The Times said, “Several of the clips recently reviewed by The Times show stabbings and fist fights. One shows an inmate trying to kill himself, and another shows several jailers punching a man in the head as they try to subdue him. Still another shows a woman giving birth in the middle of a hallway, where her newborn falls out onto the jail floor in a puddle of blood.”

“Some of the videos, all apparently taken from the jails’ surveillance systems, show men so inured to violence that they continue on with their daily routine, working out and reading even as bloody brawls and beatings by deputies unfold feet away.
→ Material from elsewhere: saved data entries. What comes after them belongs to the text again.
(* The next three inequalities bound the one-step change of the potential
   used below.  There w = sqrt v and w' = sqrt v' are the old and new
   second-moment roots, |m| <= r w is the invariant on the momentum, and
   c, r, lam, mu >= 0 are the weights of the potential. *)

(* Gradient -1 and v >= 1: the logarithmic term pays for the momentum
   term and leaves a gain of at least min(1/2, ln(4/(1+3b))/2). *)
Lemma minus_step_gain_large (c r b m v w w' : R) :
  0 < b < 1 -> 0 <= c -> 0 <= r -> 1 <= v -> 0 < w -> 0 < w' -> w * w = v ->
  w' * w' = b * v + (1 - b) -> Rabs m <= r * w ->
  1 / w' + c * m * (1 / w - 1 / w') + (c * r / b + 1) / 2 * (ln v - ln (b * v + (1 - b)))
  >= Rmin (1/2) (ln (4 / (1 + 3 * b)) / 2).
Proof.
  intros Hb Hc Hr Hv Hw Hw' Ew Ew' Hm. apply Rabs_le_between in Hm.
  set (v' := b * v + (1 - b)) in *.
  assert (Hv' : 1 <= v' <= v) by (unfold v'; split; nra).
  assert (Hww : w' <= w) by nra.
  assert (Hdl : 0 <= ln v - ln v') by (pose proof (ln_le_mono v' v); lra).
  assert (Hmom : c * m * (1 / w - 1 / w') >= - (c * r) * (w / w' - 1)).
  { assert (Hd : 0 <= 1 / w' - 1 / w).
    { assert (/ w <= / w') by (apply Rinv_le_contravar; lra). unfold Rdiv; lra. }
    assert (m * (1 / w - 1 / w') >= - (r * w) * (1 / w' - 1 / w)) by nra.
    replace (- (r * w) * (1 / w' - 1 / w)) with (- r * (w / w' - 1)) in * by (field; lra).
    nra. }
  (* w/w' - 1 <= (v/v' - 1)/2 <= (ln v - ln v')/(2b) *)
  assert (Hratio : w / w' - 1 <= (ln v - ln v') / (2 * b)).
  { assert (Hsq : w / w' - 1 <= (v / v' - 1) / 2).
    { replace (v / v') with ((w / w') * (w / w')) by (rewrite <- Ew, <- Ew'; field; lra).
      pose proof (pow2_ge_0 (w / w' - 1)). nra. }
    assert (Hrel : v / v' - 1 <= (v - v') / v / b).
    { replace (v / v' - 1) with ((v - v') / v') by (field; lra).
      replace ((v - v') / v / b) with ((v - v') / (b * v)) by (field; lra).
      unfold Rdiv. apply Rmult_le_compat_l; [lra|].
      apply Rinv_le_contravar; [nra|unfold v'; lra]. }
    pose proof (ln_sub_lower v v' ltac:(lra) ltac:(lra)) as Hl.
    assert ((v - v') / v / b <= (ln v - ln v') / b).
    { unfold Rdiv at 2 3. apply Rmult_le_compat_r; [left; apply Rinv_0_lt_compat|]; lra. }
    replace ((ln v - ln v') / (2 * b)) with ((ln v - ln v') / b / 2) by (field; lra). lra. }
  assert (Hsum : 1 / w' + c * m * (1 / w - 1 / w') + (c * r / b + 1) / 2 * (ln v - ln v')
                 >= 1 / w' + (ln v - ln v') / 2).
  { assert (c * r * (w / w' - 1) <= c * r * ((ln v - ln v') / (2 * b)))
      by (apply Rmult_le_compat_l; nra).
    replace ((c * r / b + 1) / 2 * (ln v - ln v'))
      with (c * r * ((ln v - ln v') / (2 * b)) + (ln v - ln v') / 2) by (field; lra).
    lra. }
  pose proof (Rmin_l (1/2) (ln (4 / (1 + 3 * b)) / 2)).
  pose proof (Rmin_r (1/2) (ln (4 / (1 + 3 * b)) / 2)).
  destruct (Rle_lt_dec v 4) as [H4|H4].
  - (* v <= 4: then w' <= 2 and 1/w' alone is >= 1/2 *)
    assert (1/2 <= 1 / w').
    { unfold Rdiv. rewrite !Rmult_1_l. apply Rinv_le_contravar; nra. }
    lra.
  - (* v > 4: then v/v' >= 4/(1+3b) *)
    assert (ln (4 / (1 + 3 * b)) <= ln v - ln v').
    { replace (ln v - ln v') with (ln (v / v')).
      2:{ unfold Rdiv. rewrite ln_mult, ln_Rinv; try lra. apply Rinv_0_lt_compat; lra. }
      apply ln_le_mono; [apply Rdiv_lt_0_compat; lra|].
      apply Rmult_le_reg_r with (v' * (1 + 3 * b)); [nra|].
      replace (4 / (1 + 3 * b) * (v' * (1 + 3 * b))) with (4 * v') by (field; lra).
      replace (v / v' * (v' * (1 + 3 * b))) with (v * (1 + 3 * b)) by (field; lra).
      unfold v'. nra. }
    assert (0 < 1 / w') by (apply Rdiv_lt_0_compat; lra).
    lra.
Qed.
(* Let $G$ be a unit disk graph, let $\mathrm{IS}(G)$ be the independent set produced by Heuristic IS on $G$, and let $\mathrm{OPT}(G)$ be a maximum independent set of $G$. Then $|\mathrm{IS}(G)| \geq |\mathrm{OPT}(G)|/3$.
   Context: A graph $G$ is a unit disk graph if its vertices can be put in one-to-one correspondence with closed disks of radius $1$ in the plane so that two vertices are adjacent if and only if the corresponding disks intersect (tangent disks are considered to intersect). Every unit disk graph $H$ has a vertex $v$ such that every independent set in the subgraph of $H$ induced on the neighborhood $N(v)$ has at most $3$ vertices. Heuristic IS: starting with the empty set and the graph $G$, repeat until the current graph is empty: in the current graph $H$ (an induced subgraph of $G$), choose a vertex $v$ such that the subgraph of $H$ induced on $N_H(v)$ has no independent set of size more than $3$; add $v$ to the independent set; delete $v$ and all its neighbors in $H$ from $H$. *)

From HB Require Import structures.
From mathcomp Require Import all_boot all_order all_algebra.
From mathcomp Require Import reals.
Set Implicit Arguments. Unset Strict Implicit. Unset Printing Implicit Defensive.
Import Order.TTheory GRing.Theory Num.Theory.
Local Open Scope ring_scope.

Definition simple_graph (T : finType) (e : rel T) : Prop :=
  symmetric e /\ irreflexive e.

(* Unit disk graph: vertices correspond one-to-one (injective centre map p)
   to closed disks of radius 1; two such disks intersect (tangency included)
   iff their centres are at Euclidean distance <= 2, i.e. squared
   distance <= 4. *)
Definition unit_disk_graph (R : realType) (T : finType) (e : rel T) : Prop :=
  exists p : T -> R * R, injective p /\
    forall u v : T, u != v ->
      (e u v <-> ((p u).1 - (p v).1) ^+ 2 + ((p u).2 - (p v).2) ^+ 2 <= 4).

Definition independent (T : finType) (e : rel T) (S : {set T}) : Prop :=
  forall u v, u \in S -> v \in S -> ~~ e u v.

Definition maximum_independent (T : finType) (e : rel T) (S : {set T}) : Prop :=
  independent e S /\ forall S' : {set T}, independent e S' -> (#|S'| <= #|S|)%N.

Definition nbhd_in (T : finType) (e : rel T) (H : {set T}) (v : T) : {set T} :=
  [set u in H | e v u].

(* heuristic_IS e H I : I is a possible output of Heuristic IS started
   with the empty set on the induced subgraph G[H] (all choices allowed). *)
Inductive heuristic_IS (T : finType) (e : rel T) : {set T} -> {set T} -> Prop :=
| hIS_done : heuristic_IS e set0 set0
| hIS_step : forall (H I : {set T}) (v : T),
    v \in H ->
    (forall S : {set T}, S \subset nbhd_in e H v -> independent e S -> #|S| <= 3)%N ->
    heuristic_IS e (H :\: (v |: nbhd_in e H v)) I ->
    heuristic_IS e H (v |: I).

From HB Require Import structures.
From mathcomp Require Import all_boot all_order all_algebra.
From mathcomp Require Import reals.
Set Implicit Arguments. Unset Strict Implicit. Unset Printing Implicit Defensive.
Import Order.TTheory GRing.Theory Num.Theory.
Local Open Scope ring_scope.

(* Every vertex v picked by the heuristic removes v together with its
   neighbourhood N(v), and any independent set meets v |: N(v) in at most 3
   vertices: in {v} if it contains v, otherwise in an independent subset of
   N(v), which has at most 3 elements by the choice of v. Summing over the
   steps, an independent set has at most 3 |IS| vertices. The unit disk
   hypothesis only guarantees that a vertex can always be chosen; the bound
   itself holds for every run of the heuristic on any graph. *)

Section HeuristicIS.

Variables (T : finType) (e : rel T).

Lemma independent_sub (S S' : {set T}) :
  S' \subset S -> independent e S -> independent e S'.
Proof. by move=> sS'S iS x y /(subsetP sS'S) xS /(subsetP sS'S); apply: iS. Qed.

Lemma heuristic_IS_sub (H I : {set T}) : heuristic_IS e H I -> I \subset H.
Proof.
elim=> [|{}H {}I v vH _ _ sIH]; first exact: sub0set.
by rewrite subUset sub1set vH (subset_trans sIH) ?subsetDl.
Qed.

Lemma card_independent_closed_nbhd (H S : {set T}) (v : T) :
  (forall S' : {set T}, S' \subset nbhd_in e H v -> independent e S' ->
     #|S'| <= 3)%N ->
  independent e S -> (#|S :&: (v |: nbhd_in e H v)| <= 3)%N.
Proof.
move=> small_nbhd iS.
have iSN := independent_sub (subsetIl S (v |: nbhd_in e H v)) iS.
have [vS|vNS] := boolP (v \in S).
  suff -> : S :&: (v |: nbhd_in e H v) = [set v] by rewrite cards1.
  apply/setP => x; rewrite !inE; case: eqVneq => [->|xv]; first by rewrite vS.
  by apply/and3P => -[xS _ evx]; move: (iS v x vS xS); rewrite evx.
apply: (small_nbhd _ _ iSN); apply/subsetP => x /setIP [xS].
rewrite !inE => /orP [/eqP xv|//]; by move: xS; rewrite xv (negPf vNS).
Qed.

Lemma heuristic_IS_card_independent (H I : {set T}) :
  heuristic_IS e H I ->
  forall S : {set T}, S \subset H -> independent e S -> (#|S| <= 3 * #|I|)%N.
Proof.
elim=> [|{}H {}I v vH small_nbhd runI IH] S sSH iS.
  by move: sSH; rewrite subset0 => /eqP ->; rewrite cards0.
set C := v |: nbhd_in e H v.
have vNI : v \notin I.
  by apply: contraTN vH => /(subsetP (heuristic_IS_sub runI)); rewrite !inE eqxx.
rewrite cardsU1 vNI mulnDr muln1 -(cardsID C S) leq_add //.
  exact: card_independent_closed_nbhd.
apply: IH; last exact: independent_sub (subsetDl S C) iS.
by rewrite setSD.
Qed.

End HeuristicIS.

Theorem theorem4p7 (R : realType) (T : finType) (e : rel T)
  (hG : simple_graph e) (hUDG : unit_disk_graph R e)
  (IS OPT : {set T}) (hIS : heuristic_IS e [set: T] IS)
  (hOPT : maximum_independent e OPT) :
  (#|OPT|%:R / 3 : R) <= #|IS|%:R.
Proof.
have OPT_le := heuristic_IS_card_independent hIS (subsetT OPT) hOPT.1.
by rewrite ler_pdivrMr // -natrM ler_nat mulnC.
Qed.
Other clips highlight a troubling inattentiveness from jailers, who are slow to respond or leave vulnerable inmates unattended,” added the Times.

In one video, a man is beaten, and then left alone when he cleans up his own blood until the beating resumes.

For the next 10 minutes, the victim paces and tries to clean up his own blood. A few onlookers go back to working out in the corner—until suddenly the beating resumes…roughly 14 minutes after the attack began, deputies show up and order everyone to the ground, said the Times.

Michele Deitch—a senior lecturer in criminal justice at University of Texas in Austin—said she was “utterly stunned” by the brutality and lack of oversight, particularly after watching the 20-minute clip, the Times wrote.

“There was absolutely no supervision,” she said. “That that could be happening with cameras on and no one comes is mind-boggling,” although the LA County Sheriff’s Dept. claimed, added the Times, video feeds are not always monitored in “real time.”

The Times said, “Officials were not immediately able to determine who made the compilation of videos or why, and…said any investigation would be difficult without a copy of the drive that contained them.”

The LA Times said “it was more than a year ago that an inmate worker spotted the drive in the trash at Men’s Central Jail. With no way to know what it contained, the worker plucked it out of the garbage and began trying to sell it to other inmates….the man instead hung onto it, sometimes hiding it inside his body for weeks.”

“It was only once he was finally released that he was able to access a laptop and see everything on it. There were dozens of reports on arrests, crimes behind bars and uses of force — all authored by different people and stored in a folder labeled: ‘My Reports.’ There were audio clips of assorted dispatch calls. Training manuals. Pictures of tattoos. And dozens of violent videos,” the Times noted.

The LA Times cites, “One of the videos from inside Men’s Central Jail shows footage of a hallway on the 2000 floor, where a shirtless man is seated alone on a bench with his back against the walls and his hands cuffed behind him. There’s a jailer standing watch as a line of inmates files past. Seconds later, a heavily tattooed inmate walks up and speaks to the handcuffed man.

“The handcuffed man does not acknowledge him, instead pointedly turning his head away. The deputy shoos the tattooed man away, then quickly turns and walks off himself, leaving the handcuffed man defenseless and unattended.

“Within seconds, the tattooed man circles back, bursting into the frame and punching the handcuffed inmate repeatedly, knocking him off the bench. The handcuffed man tries to back away, but his attacker continues pummeling him until a deputy—the same deputy who left them unattended—intervenes.”  

The LA Times story notes the American Civil Liberties Union filed a class action lawsuit a decade ago alleging that “degrading, cruel and sadistic deputy attacks on inmates” had become a common occurrence. The suit led to a 2015 settlement agreement, with which the county has never fully complied, added the Times.

Another clip, labeled “Jail Baby Fetus,” shows “a woman sitting in a wheelchair that’s been left in a jail hallway. Her head nods and lolls about, but she’s otherwise motionless,” write the Times, adding, “Suddenly, she gives birth, and her newborn falls onto the jail floor. The woman doesn’t reach down to get the child or move her arms, which seem to be affixed to the arms of the wheelchair.”

Jail officials told The Times “both the mother and her baby survived.”